Print the records below word for word, beginning with the first line and ending once the line containing "0 <= k -> (forall" is printed.

══ DATA PROVIDED

(* McShane's inf-convolution [h a = inf_{y in A} g y + k dist a y]. *)
Lemma lipschitz_approx_on {X : MetricSpace} (A : X -> Prop) (g : X -> R) (e k : R) :
  0 <= k -> (forall a b, A a -> A b -> Rabs (g a - g b) <= e + k * dist a b) ->
  exists h : X -> R, (forall a b, A a -> A b -> Rabs (h a - h b) <= k * dist a b) /\
    forall a, A a -> Rabs (h a - g a) <= e.
Proof.
  intros Hk Hg.
  set (E a v := exists y, A y /\ v = g y + k * dist a y).
  assert (Hlow : forall a v, A a -> E a v -> g a - e <= v).
  { intros a v Ha [y [Hy ->]]. specialize (Hg a y Ha Hy).
    pose proof (Rle_abs (g a - g y)). lra. }
  assert (Hinf : forall a, exists m, A a ->
    (forall v, E a v -> m <= v) /\ (forall l, (forall v, E a v -> l <= v) -> l <= m)).
  { intros a. destruct (classic (A a)) as [Ha|Ha]; [|exists 0; tauto].
    destruct (glb_exists (E a) (g a - e)) as [m Hm].
    - intros v. exact (Hlow a v Ha).
    - exists (g a + k * dist a a), a. split; [exact Ha | reflexivity].
    - exists m. intros _. exact Hm. }
  destruct (functional_choice _ Hinf) as [h Hh].
  assert (Hone : forall a b, A a -> A b -> h b <= h a + k * dist a b).
  { intros a b Ha Hb.
    enough (h b - k * dist a b <= h a) by lra.
    apply (proj2 (Hh a Ha)). intros v [y [Hy ->]].
    pose proof (proj1 (Hh b Hb) (g y + k * dist b y) (ex_intro _ y (conj Hy eq_refl))).
    pose proof (dist_tri _ b a y). rewrite (dist_sym _ b a) in *.
    assert (k * dist b y <= k * (dist a b + dist a y)) by (apply Rmult_le_compat_l; lra). lra. }
  exists h. split.
  - intros a b Ha Hb. pose proof (Hone a b Ha Hb). pose proof (Hone b a Hb Ha).
    rewrite (dist_sym _ b a) in *. apply Rabs_le. lra.
  - intros a Ha.
    assert (He : 0 <= e).
    { specialize (Hg a a Ha Ha). rewrite Rminus_diag, Rabs_R0, dist_self in Hg. lra. }
    apply Rabs_le. split.
    + enough (g a - e <= h a) by lra. apply (proj2 (Hh a Ha)). intros v. exact (Hlow a v Ha).
    + enough (h a <= g a) by lra.
      pose proof (proj1 (Hh a Ha) (g a + k * dist a a) (ex_intro _ a (conj Ha eq_refl))).
      rewrite dist_self, Rmult_0_r, Rplus_0_r in *. assumption.
Qed.
Lemma uniform_delta_of_point {X : Type} (P : R -> X -> Prop) :
  (X -> exists d, 0 < d /\ forall x, P d x) -> exists d, 0 < d /\ forall x, P d x.
Proof.
  intros H. destruct (classic (inhabited X)) as [[x]|HX]; [exact (H x)|].
  exists 1. split; [lra|]. intros x. exfalso. exact (HX (inhabits x)).
Qed.

Definition sqrt_rem (n : nat) : nat := n - Nat.sqrt n * Nat.sqrt n.

Lemma sqrt_rem_infinitely_often (m N : nat) : exists n, (N <= n)%nat /\ sqrt_rem n = m.
Proof.
  set (k := (m + N)%nat). exists (k * k + m)%nat. split; [nia|].
  unfold sqrt_rem. rewrite (Nat.sqrt_unique (k * k + m) k); [lia | nia].
Qed.
Lemma lin_map_eq0 x : lin_map al a b c d x = (0, 0) <-> x = (0, 0).
Proof.
  split; [|intros ->; unfold lin_map; cbn; f_equal; ring].
  intro E; pose proof (norm2_lin al a b c d x Ho) as N; rewrite E in N.
  assert (Hal2 : 0 < al * al) by (pose proof (Rsqr_pos_lt al Hal); unfold Rsqr in *; lra).
  destruct x as [x1 x2]; unfold norm2 in N; cbn [fst snd] in N.
  assert (x1 * x1 + x2 * x2 = 0) by nra.
  f_equal; nra.
Qed.

Lemma minimal_vec_lin_image L w :
  minimal_vec L w -> minimal_vec (lin_image al a b c d L) (lin_map al a b c d w).
Proof.
  intros [Lw [Hw0 Hmin]]; split; [exists w; now split|].
  split; [now rewrite lin_map_eq0|].
  intros z [q [Lq ->]] Hz0; fold (lin_map al a b c d q) in Hz0 |- *.
  rewrite !norm2_lin by exact Ho; apply Rmult_le_compat_l; [nra|].
  apply Hmin; [exact Lq|]; now rewrite <- lin_map_eq0.
Qed.

Lemma lat_angle_lin_image L th : lat_angle L th -> lat_angle (lin_image al a b c d L) th.
Proof.
  intros [u [v [Hdet [HL [Hu [Hv [Hth Hcos]]]]]]].
  exists (lin_map al a b c d u), (lin_map al a b c d v).
  pose proof (minimal_vec_lin_image L u Hu) as Hu'.
  pose proof (minimal_vec_lin_image L v Hv) as Hv'.
  rewrite HL in Hu', Hv' |- *; rewrite lin_image_lat in *.
  repeat split; try apply Hu'; try apply Hv'; try apply Hth.
  - rewrite det2_lin; pose proof (orth2_det_sq a b c d Ho) as Hk.
    assert (a * d - b * c <> 0) by (intro K; rewrite K in Hk; lra).
    repeat apply Rmult_integral_contrapositive_currified; assumption.
  - rewrite !norm2_lin, dot_lin, <- Hcos by exact Ho.
    assert (0 <= norm2 u /\ 0 <= norm2 v) as [Hnu Hnv]
      by (unfold norm2; split; nra).
    rewrite (sqrt_mult_alt _ (norm2 u)), (sqrt_mult_alt _ (norm2 v)) by nra.
    generalize (sqrt_sqrt (al * al) ltac:(nra)); generalize (sqrt (al * al)).
    intros s Hs; rewrite <- Hs; ring.
Qed.

End Similarity.

Lemma sqrt3_sq : sqrt 3 * sqrt 3 = 3.
Proof. apply sqrt_sqrt; lra. Qed.

Lemma sqrt3_pos : 0 < sqrt 3.
Proof. apply sqrt_lt_R0; lra. Qed.

Definition emb (z : eis) : vec := (IZR (fst z) - IZR (snd z) / 2, IZR (snd z) * sqrt 3 / 2).

Ltac push_IZR := repeat first [rewrite plus_IZR | rewrite minus_IZR | rewrite mult_IZR
                               | rewrite opp_IZR].
Ltac field_sqrt3 := generalize sqrt3_sq; generalize (sqrt 3); intros ?s ?Hs; field [Hs].

Lemma norm2_emb z : norm2 (emb z) = IZR (enorm z).
Proof. destruct z; unfold norm2, emb, enorm; cbn [fst snd]; push_IZR; field_sqrt3. Qed.

Lemma dot_emb z w : dot (emb z) (emb w) = IZR (edot z w) / 2.
Proof. destruct z, w; unfold dot, emb, edot; cbn [fst snd]; push_IZR; field_sqrt3. Qed.

Lemma det2_emb z w : det2 (emb z) (emb w) = IZR (edet z w) * sqrt 3 / 2.
Proof. destruct z, w; unfold det2, emb, edet; cbn [fst snd]; push_IZR; field_sqrt3. Qed.

Lemma det2_emb_neq0 z w : det2 (emb z) (emb w) <> 0 <-> edet z w <> 0%Z.
Proof.
  rewrite det2_emb; pose proof sqrt3_pos; split; intros Hne E; apply Hne.
  - rewrite E; lra.
  - apply eq_IZR; nra.
Qed.

Lemma emb_mul b z : emb (emul b z) =
  (fst (emb b) * fst (emb z) - snd (emb b) * snd (emb z),
   snd (emb b) * fst (emb z) + fst (emb b) * snd (emb z)).
Proof. destruct b, z; unfold emb, emul; cbn [fst snd]; push_IZR; f_equal; field_sqrt3. Qed.

Lemma emb_conj z : emb (econj z) = (fst (emb z), - snd (emb z)).
Proof. destruct z; unfold emb, econj; cbn [fst snd]; push_IZR; f_equal; field. Qed.

Lemma emb_opp z : emb (eopp z) = (- fst (emb z), - snd (emb z)).
Proof. destruct z; unfold emb, eopp; cbn [fst snd]; push_IZR; f_equal; field. Qed.

Lemma emb_eq0 z : emb z = (0, 0) <-> z = e0.
Proof.
  split; [|intros ->; unfold emb, e0; cbn [fst snd]; f_equal; field].
  intro H; apply enorm_eq0, eq_IZR; rewrite <- norm2_emb, H; unfold norm2; cbn; ring.
Qed.

Lemma lat_emb x y p : lat (emb x) (emb y) p <->
  exists i j, p = emb (eadd (emul (ecst i) x) (emul (ecst j) y)).
Proof.
  split; intros [i [j ->]]; exists i, j; destruct x, y; unfold emb, eadd, emul, ecst;
  cbn [fst snd]; push_IZR; f_equal; field_sqrt3.
Qed.

Lemma hex_emb p : hex p <-> exists z, p = emb z.
Proof.
  unfold hex; split.
  - intros [a [b ->]]; exists (a, b); unfold emb; cbn [fst snd]; f_equal; field.
  - intros [[a b] ->]; exists a, b; unfold emb; cbn [fst snd]; f_equal; field.
Qed.

Lemma subset2_lat_emb x y : subset2 (lat (emb x) (emb y)) hex.
Proof. intros p Hp; apply lat_emb in Hp; destruct Hp as [i [j ->]]; apply hex_emb; eauto. Qed.

Lemma reduced_minimal_vec x y : enorm x = enorm y -> (0 < enorm x)%Z ->
  (Z.abs (edot x y) <= enorm x)%Z -> edet x y <> 0%Z ->
  minimal_vec (lat (emb x) (emb y)) (emb x) /\ minimal_vec (lat (emb x) (emb y)) (emb y).
Proof.
  intros Hxy Hx Hd Ht.
  assert (Hne : forall z, z <> e0 -> emb z <> (0, 0)) by (intros z Hz E; now apply emb_eq0 in E).
  assert (K : forall p, lat (emb x) (emb y) p -> p <> (0, 0) -> IZR (enorm x) <= norm2 p).
  { intros p Hp Hp0; apply lat_emb in Hp; destruct Hp as [i [j ->]].
    rewrite norm2_emb; apply IZR_le, reduced_enorm_ge; auto.
    destruct (Z.eq_dec i 0), (Z.eq_dec j 0); try tauto; subst.
    exfalso; apply Hp0, emb_eq0; eis_unfold; f_equal; ring. }
  assert (Hx0 : x <> e0) by (intros ->; cbn in Hx; lia).
  assert (Hy0 : y <> e0) by (intros ->; cbn in Hxy; lia).
  split; (split; [apply lat_l || apply lat_r|split; [now apply Hne|]]);
    intros p Hp Hp0; rewrite norm2_emb; [|rewrite <- Hxy]; now apply K.
Qed.
Lemma affine_posD b1 b2 b3 k1 k2 : (b1 -> b2 -> b3) ->
  affine_pos b1 k1 -> affine_pos b2 k2 -> affine_pos b3 (k1 + k2).
Proof.
rewrite /affine_pos => b123.
move=> /orP[k1_gt0|/andP[/eqP k1_0 Pb1]] /orP[k2_gt0|/andP[/eqP k2_0 Pb2]].
- by rewrite addr_gt0.
- by rewrite k2_0 addr0 k1_gt0.
- by rewrite k1_0 add0r k2_gt0.
- by rewrite k1_0 k2_0 addr0 eqxx b123 ?orbT.
Qed.

Lemma affine_pos_gt0 b k p : affine_pos b k -> ~~ affine_pos b (k - p) -> 0 < p.
Proof.
rewrite /affine_pos negb_or negb_and -leNgt => /orP[k_gt0|/andP[/eqP k0 Pb]] /andP[kp_le0].
  by move=> _; lra.
by rewrite Pb orbF k0 sub0r oppr_eq0 => p_neq0; rewrite lt_neqAle eq_sym p_neq0; lra.
Qed.

Lemma affine_pos_ge0 b k : affine_pos b k -> 0 <= k /\ (k = 0 -> b).
Proof.
case/orP=> [k_gt0|/andP[/eqP k0 Pb]]; last by rewrite k0.
by split=> [|k0]; [exact: ltW | move: k_gt0; rewrite k0 ltxx].
Qed.

Lemma ltr_frac x y p q : 0 < p -> 0 < q -> (x / p < y / q) = (x * q < y * p).
Proof. by move=> p_gt0 q_gt0; rewrite ltr_pdivrMr // mulrAC ltr_pdivlMr. Qed.

Lemma mediant_lt x y p q : 0 < p -> 0 < q ->
  x / p < y / q -> x / p < (x + y) / (p + q) < y / q.
Proof.
move=> p_gt0 q_gt0; have pq_gt0 : 0 < p + q by rewrite addr_gt0.
by rewrite !ltr_frac // => xy; apply/andP; split; nra.
Qed.

Lemma mediant_eq x y p q : p != 0 -> p + q != 0 ->
  x * q = y * p -> (x + y) / (p + q) = x / p.
Proof.
move=> p0 pq0 xy; apply/eqP; rewrite eqr_div //.
by rewrite mulrDl mulrDr xy.
Qed.

(* d(a) <= d(a + b), cross-multiplied, for [a] in Inv(lam) and [b] positive with
   [t_lam b] positive, and what equality forces. *)
Lemma affine_pos_cross (da db : bool) (ka kb pa pb : R) :
  affine_pos da ka -> ~~ affine_pos da (ka - pa) ->
  affine_pos db kb -> affine_pos db (kb - pb) ->
  ka * pb <= kb * pa /\
  (ka * pb = kb * pa -> [/\ db, da -> pb <= 0 & ~~ da -> 0 <= pb]).
Proof.
move=> /[dup] Ka /affine_pos_ge0[ka_ge0 ka0] /[dup] Na.
rewrite -affine_posN => /affine_pos_ge0[kpa_le0 kpa0].
move=> /affine_pos_ge0[kb_ge0 kb0] /affine_pos_ge0[kpb_ge0 kpb0].
have pa_gt0 := affine_pos_gt0 Ka Na.
have [pb_le0|pb_gt0] := lerP pb 0.
- split=> [|E]; first nra.
  have kb_0 : kb = 0 by nra.
  split=> [|//|Nda]; first exact: kb0.
  have [//|pb_lt0] := leP 0 pb.
  by have := ka0 (_ : ka = 0); rewrite (negbTE Nda); apply; nra.
- split=> [|E]; first nra.
  have kb_pb : kb = pb by nra.
  have ka_pa : ka = pa by nra.
  have Nda : ~~ da by apply: kpa0; lra.
  by split=> [|/(negP Nda)//|_]; [apply: kpb0; lra | exact: ltW].
Qed.

End AffinePos.

Definition adeg {R : realFieldType} {n} (x : acoroot R n) : R := x.2%:~R.

Lemma adegD (R : realFieldType) n (x y : acoroot R n) : adeg (aadd x y) = adeg x + adeg y.
Proof. exact: intrD. Qed.

Lemma aaddC (R : realFieldType) n : commutative (@aadd R n).
Proof. by move=> x y; rewrite /aadd addrC [x.2 + _]addrC. Qed.

Section AffineCoroots.
Variables (R : realFieldType) (n : nat) (D : seq 'rV[R]_n) (Dp : pred 'rV[R]_n).
Variables (lam : 'rV[R]_n) (ltr : rel 'rV[R]_n).
Hypothesis HD : is_irreducible_reduced_root_system D.
Implicit Types (x y : acoroot R n) (g : 'rV[R]_n).

Lemma is_pos_acoroot_root x : is_pos_acoroot D Dp x -> exists2 g, g \in D & x.1 = coroot g.
Proof. by case=> g gD [xE _]; exists g. Qed.

Lemma is_pos_acorootP x g : g \in D -> x.1 = coroot g ->
  reflect (is_pos_acoroot D Dp x) (affine_pos (Dp g) (adeg x)).
Proof.
move=> gD xE; rewrite /affine_pos /adeg ltr0z intr_eq0; apply: (iffP idP).
- by case/orP=> [k_gt0|/andP[/eqP k0 Pg]]; exists g => //; split=> //; [left | right].
- case=> g' g'D [xE' pos].
  have -> : g = g' by apply: coroot_inj; rewrite ?(root_neq0 HD) // -xE -xE'.
  by case: pos => [-> //|[-> ->]]; rewrite orbT.
Qed.

Lemma in_InvP x g : g \in D -> x.1 = coroot g ->
  reflect (in_Inv D Dp lam x)
    (affine_pos (Dp g) (adeg x) && ~~ affine_pos (Dp g) (adeg x - pairing lam g)).
Proof.
move=> gD xE; have lamE : dot lam x.1 = pairing lam g by rewrite xE.
rewrite /in_Inv lamE; apply: (iffP andP) => -[/(is_pos_acorootP gD xE) xpos tN]; split=> //.
  case=> g' g'D [xE' t_pos].
  have g'E : g' = g by apply: coroot_inj; rewrite ?(root_neq0 HD) // -xE -xE'.
  rewrite g'E in t_pos; apply/negP: tN; rewrite negbK /affine_pos /adeg.
  by case: t_pos => [-> //|[/eqP -> ->]]; rewrite orbT.
apply/negP => /orP t_pos; apply: tN; exists g => //; split=> //.
by case: t_pos => [|/andP[/eqP]]; [left | right].
Qed.

Lemma ltInvE x y gx gy : gx != 0 -> gy != 0 -> x.1 = coroot gx -> y.1 = coroot gy ->
  ltInv Dp ltr lam x y <->
  adeg x / pairing lam gx < adeg y / pairing lam gy \/
  adeg x / pairing lam gx = adeg y / pairing lam gy /\ precI Dp ltr gy gx.
Proof.
move=> gx0 gy0 xE yE; rewrite /ltInv /dInv -[abar x]/(coroot x.1) -[abar y]/(coroot y.1).
by rewrite xE yE !corootK.
Qed.

End AffineCoroots.
Lemma qform_sum_mx u A P : P^T = P ->
  qform u (A^T *m P + P *m A) u = 2 * qform u P (A *m u).
Proof.
move=> PT; rewrite {1}/qform mulmxDr mulmxDl mxE mulr2n mulrDl mul1r.
congr (_ + _); last by rewrite /qform !mulmxA.
by rewrite -[RHS]qformC // /qform trmx_mul !mulmxA.
Qed.
End QuadraticForms.

Section DiagP.
Context {R : realType} {n : nat} {P1 : 'M[R]_n}.
Local Notation e := (en R n.+1).
Local Notation S := (Smat R n.+1).
Local Notation P := (@diagP R n.+1 P1).

Lemma en_neq0 : e != 0.
Proof.
apply/negP => /eqP/matrixP/(_ ord_max 0).
by rewrite en_ord_max !mxE !eqxx => /eqP; rewrite oner_eq0.
Qed.

Lemma Smat_tr_en : S^T *m e = 0.
Proof.
rewrite en_ord_max -colE; apply/matrixP => i j; rewrite !mxE.
by rewrite eqn_leq leqNgt ltn_ord.
Qed.

Lemma en_tr_en : e^T *m e = 1%:M.
Proof. by rewrite en_ord_max trmx_delta mul_delta_mx [LHS]mx11_scalar mxE. Qed.

Lemma diagP_en : P *m e = e.
Proof. by rewrite mulmxDl -!mulmxA Smat_tr_en en_tr_en !mulmx0 add0r mulmx1. Qed.

Lemma diagP_sym : P1^T = P1 -> P^T = P.
Proof. by move=> P1T; rewrite /diagP linearD /= !trmx_mul !trmxK P1T mulmxA. Qed.

Lemma diagP_qform v :
  qform v (P) v = qform (S^T *m v) P1 (S^T *m v) + ((e^T *m v) 0 0) ^+ 2.
Proof.
rewrite /qform /diagP mulmxDr mulmxDl mxE; congr (_ + _).
  by rewrite trmx_mul trmxK !mulmxA.
rewrite !mulmxA -(mulmxA (v^T *m e)).
have -> : v^T *m e = (e^T *m v)^T by rewrite trmx_mul trmxK.
by rewrite mxE big_ord1 !mxE expr2.
Qed.

Lemma diagP_ge0 : pos_def P1 -> forall v, 0 <= qform v P v.
Proof.
move=> [_ P1_gt0] v; rewrite diagP_qform addr_ge0 ?sqr_ge0 //.
by have [->|/P1_gt0/ltW] := eqVneq (S^T *m v) 0; rewrite ?qform0l.
Qed.
End DiagP.

Section RealEigenPair.
Variable R : rcfType.

Lemma eigenvalue_real_pair n (M : 'M[R]_n) (lam : R[i]) :
  eigenvalue (map_mx (fun a : R => (a%:C)%C) M) lam ->
  exists p q : 'cV[R]_n, [/\ p != 0 \/ q != 0,
    M *m p = complex.Re lam *: p - complex.Im lam *: q &
    M *m q = complex.Im lam *: p + complex.Re lam *: q].
Proof.
move=> /eigenvalue_trmx /eigenvalueP [v hv v0].
have {hv} hw : map_mx (fun a : R => (a%:C)%C) M *m v^T = lam *: v^T.
  by apply: trmx_inj; rewrite trmx_mul trmxK hv linearZ /= trmxK.
exists (map_mx (@complex.Re R) v^T), (map_mx (@complex.Im R) v^T); split.
- have [/matrixP Re0|] := eqVneq (map_mx (@complex.Re R) v^T) 0; last by left.
  have [/matrixP Im0|] := eqVneq (map_mx (@complex.Im R) v^T) 0; last by right.
  case/eqP: v0; apply/matrixP => i j; move: (Re0 j i) (Im0 j i).
  by rewrite !mxE; case: (v i j) => a b /= -> ->.
- apply/matrixP => i j; transitivity (complex.Re ((lam *: v^T) i j)); last first.
    by rewrite !mxE; case: (lam) => a b; case: (v j i).
  rewrite -hw !mxE (raddf_sum (@complex.Re R : Rcomplex R -> R)).
  by apply: eq_bigr => k _; rewrite !mxE; case: (v j k) => a b /=; rewrite mul0r subr0.
- apply/matrixP => i j; transitivity (complex.Im ((lam *: v^T) i j)); last first.
    by rewrite !mxE; case: (lam) => a b; case: (v j i) => c d /=; rewrite addrC.
  rewrite -hw !mxE (raddf_sum (@complex.Im R : Rcomplex R -> R)).
  by apply: eq_bigr => k _; rewrite !mxE; case: (v j k) => a b /=; rewrite mul0r addr0.
Qed.

Lemma Re_complex_lt0 (lam : R[i]) : ('Re lam < 0) = (complex.Re lam < 0).
Proof. by rewrite -complexRe ltcE /= eqxx. Qed.
End RealEigenPair.

(* For u = pu + i qu, u^* (A^T P + P A) u = 2 Re (u^* P A u), which the two
   equations for A pu and A qu expand as
   2 x (pu^T P pu + qu^T P qu) + 2 c (pb e^T pu + qb e^T qu). *)
Lemma lyapunov_coupling_lt0 {R : realFieldType} {m} {A P : 'M[R]_m} {e pu qu : 'cV[R]_m}
    {c x y pb qb : R} :
  P^T = P -> (forall v, 0 <= qform v P v) ->
  (forall v, v != 0 -> qform v (A^T *m P + P *m A) v < 0) ->
  P *m e = e ->
  A *m pu = x *: pu - y *: qu + (c * pb) *: e ->
  A *m qu = y *: pu + x *: qu + (c * qb) *: e ->
  pu != 0 \/ qu != 0 -> 0 <= x -> 0 < c ->
  pb * (e^T *m pu) 0 0 + qb * (e^T *m qu) 0 0 < 0.
Proof.
move=> PT P_ge0 S_lt0 Pe Apu Aqu pq0 x_ge0 c_gt0.
have S_le0 v : qform v (A^T *m P + P *m A) v <= 0.
  by have [->|/S_lt0/ltW] := eqVneq v 0; rewrite ?qform0l.
have S_sum_lt0 : qform pu (A^T *m P + P *m A) pu + qform qu (A^T *m P + P *m A) qu < 0.
  by case: pq0 => /S_lt0; have := S_le0 pu; have := S_le0 qu; lra.
have Pe_qform v : qform v P e = (e^T *m v) 0 0.
  rewrite /qform -mulmxA Pe; transitivity ((v^T *m e)^T 0 0); first by rewrite [RHS]mxE.
  by rewrite trmx_mul trmxK.
move: S_sum_lt0; rewrite !qform_sum_mx // Apu Aqu.
rewrite !(qformDr, qformNr, qformZr) !Pe_qform (qformC qu P pu PT).
by have := P_ge0 pu; have := P_ge0 qu; nra.
Qed.

(* In complex form, with a = a1 + i a2, b = b1 + i b2, p = pn + i qn and
   lam = x + i y, the hypotheses say (lam + D) a = - K b and
   theta p = lam (b - a); hence
   K theta Re (conj b p) = x K |b|^2 + (x (x + D) + y^2) |a|^2. *)
Lemma integrator_coupling_ge0 {R : realFieldType} {theta K D x y a1 a2 b1 b2 pn qn : R} :
  0 < theta -> 0 < K -> 0 < D -> 0 <= x ->
  - (D * a1 + K * b1) = x * a1 - y * a2 ->
  theta * pn - (D * a1 + K * b1) = x * b1 - y * b2 ->
  - (D * a2 + K * b2) = y * a1 + x * a2 ->
  theta * qn - (D * a2 + K * b2) = y * b1 + x * b2 ->
  0 <= b1 * pn + b2 * qn.
Proof.
move=> theta_gt0 K_gt0 D_gt0 x_ge0 ea1 eb1 ea2 eb2.
have Kb1 : K * b1 = y * a2 - (x + D) * a1 by lra.
have Kb2 : K * b2 = - y * a1 - (x + D) * a2 by lra.
have tp : theta * pn = x * (b1 - a1) - y * (b2 - a2) by lra.
have tq : theta * qn = x * (b2 - a2) + y * (b1 - a1) by lra.
have key : K * theta * (b1 * pn + b2 * qn) =
    x * K * (b1 ^+ 2 + b2 ^+ 2) + (x * (x + D) + y ^+ 2) * (a1 ^+ 2 + a2 ^+ 2).
  transitivity (K * b1 * (theta * pn) + K * b2 * (theta * qn)); first by ring.
  rewrite tp tq; transitivity (x * K * (b1 ^+ 2 + b2 ^+ 2)
      - x * (a1 * (K * b1) + a2 * (K * b2)) + y * (a2 * (K * b1) - a1 * (K * b2))).
    by ring.
  by rewrite Kb1 Kb2; ring.
have : 0 <= K * theta * (b1 * pn + b2 * qn).
  rewrite key; apply: addr_ge0; apply: mulr_ge0; rewrite ?addr_ge0 ?sqr_ge0 //.
  - by rewrite mulr_ge0 // ltW.
  - by rewrite mulr_ge0 // addr_ge0 // ltW.
by rewrite pmulr_rge0 // mulr_gt0.
Qed.

Section IntegralFeedback.
Variable R : realType.
Variables (n : nat) (A : 'M[R]_n) (e : 'cV[R]_n) (c theta K D : R).

Definition integral_feedback_mx : 'M[R]_(n + 2) :=
  block_mx A (\matrix_(i < n, j < 2) (if j == 0 then 0 else - c * e i 0))
             (\matrix_(i < 2, j < n) (if i == 0 then 0 else theta * e j 0))
             (\matrix_(i < 2, j < 2) (if j == 0 then - D else - K)).

Lemma mul_integral_feedback_mx (hu : 'cV[R]_n) (hz : 'cV[R]_2) :
  integral_feedback_mx *m col_mx hu hz =
  col_mx (A *m hu - (c * hz 1 0) *: e)
         (\col_(k < 2) (if k == 0 then - (D * hz 0 0 + K * hz 1 0)
                        else theta * (e^T *m hu) 0 0 - (D * hz 0 0 + K * hz 1 0))).
Proof.
have lift01 : lift ord0 ord0 = 1 :> 'I_2 by apply/val_inj.
rewrite mul_block_col; congr col_mx; apply/matrixP => i j; rewrite (ord1 j).
  by rewrite !mxE !big_ord_recl big_ord0 !mxE /= lift01; ring.
rewrite !mxE !big_ord_recl big_ord0 !mxE /= lift01.
have [->|] := eqVneq i 0.
  by rewrite big1 => [|k _]; rewrite ?mxE ?mul0r //; ring.
move=> /negPf i_neq0; rewrite mulr_sumr.
under eq_bigr => k _ do rewrite !mxE i_neq0 -mulrA.
under [in RHS]eq_bigr => k _ do rewrite mxE.
ring.
Qed.

Hypotheses (c_gt0 : 0 < c) (theta_gt0 : 0 < theta) (K_gt0 : 0 < K) (D_gt0 : 0 < D).

Lemma integral_feedback_zpart_eq0 {x y : R} {pz qz : 'cV[R]_2} : e != 0 -> 0 <= x ->
  (c * pz 1 0) *: e == 0 -> (c * qz 1 0) *: e == 0 ->
  - (D * pz 0 0 + K * pz 1 0) = x * pz 0 0 - y * qz 0 0 ->
  - (D * qz 0 0 + K * qz 1 0) = y * pz 0 0 + x * qz 0 0 ->
  pz = 0 /\ qz = 0.
Proof.
move=> e_neq0 x_ge0; rewrite !scaler_eq0 (negbTE e_neq0) !orbF (gt_eqF c_gt0) /=.
move=> /eqP pb0 /eqP qb0; rewrite pb0 qb0 !mulr0 !addr0 => ea1 ea2.
have : (x + D) * (pz 0 0 ^+ 2 + qz 0 0 ^+ 2) = 0.
  transitivity (pz 0 0 * (x * pz 0 0 - y * qz 0 0 + D * pz 0 0)
                + qz 0 0 * (y * pz 0 0 + x * qz 0 0 + D * qz 0 0)); first by ring.
  by rewrite -ea1 -ea2; ring.
move/eqP; rewrite mulf_eq0 (gt_eqF (ltr_wpDl x_ge0 D_gt0)) /=.
rewrite (paddr_eq0 (sqr_ge0 _) (sqr_ge0 _)) !sqrf_eq0 => /andP[/eqP pa0 /eqP qa0].
by split; apply: cV2_eq0.
Qed.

════

● ANSWER SECTION
(* McShane's inf-convolution [h a = inf_{y in A} g y + k dist a y]. *)
Lemma lipschitz_approx_on {X : MetricSpace} (A : X -> Prop) (g : X -> R) (e k : R) :
  0 <= k -> (forall a b, A a -> A b -> Rabs (g a - g b) <= e + k * dist a b) ->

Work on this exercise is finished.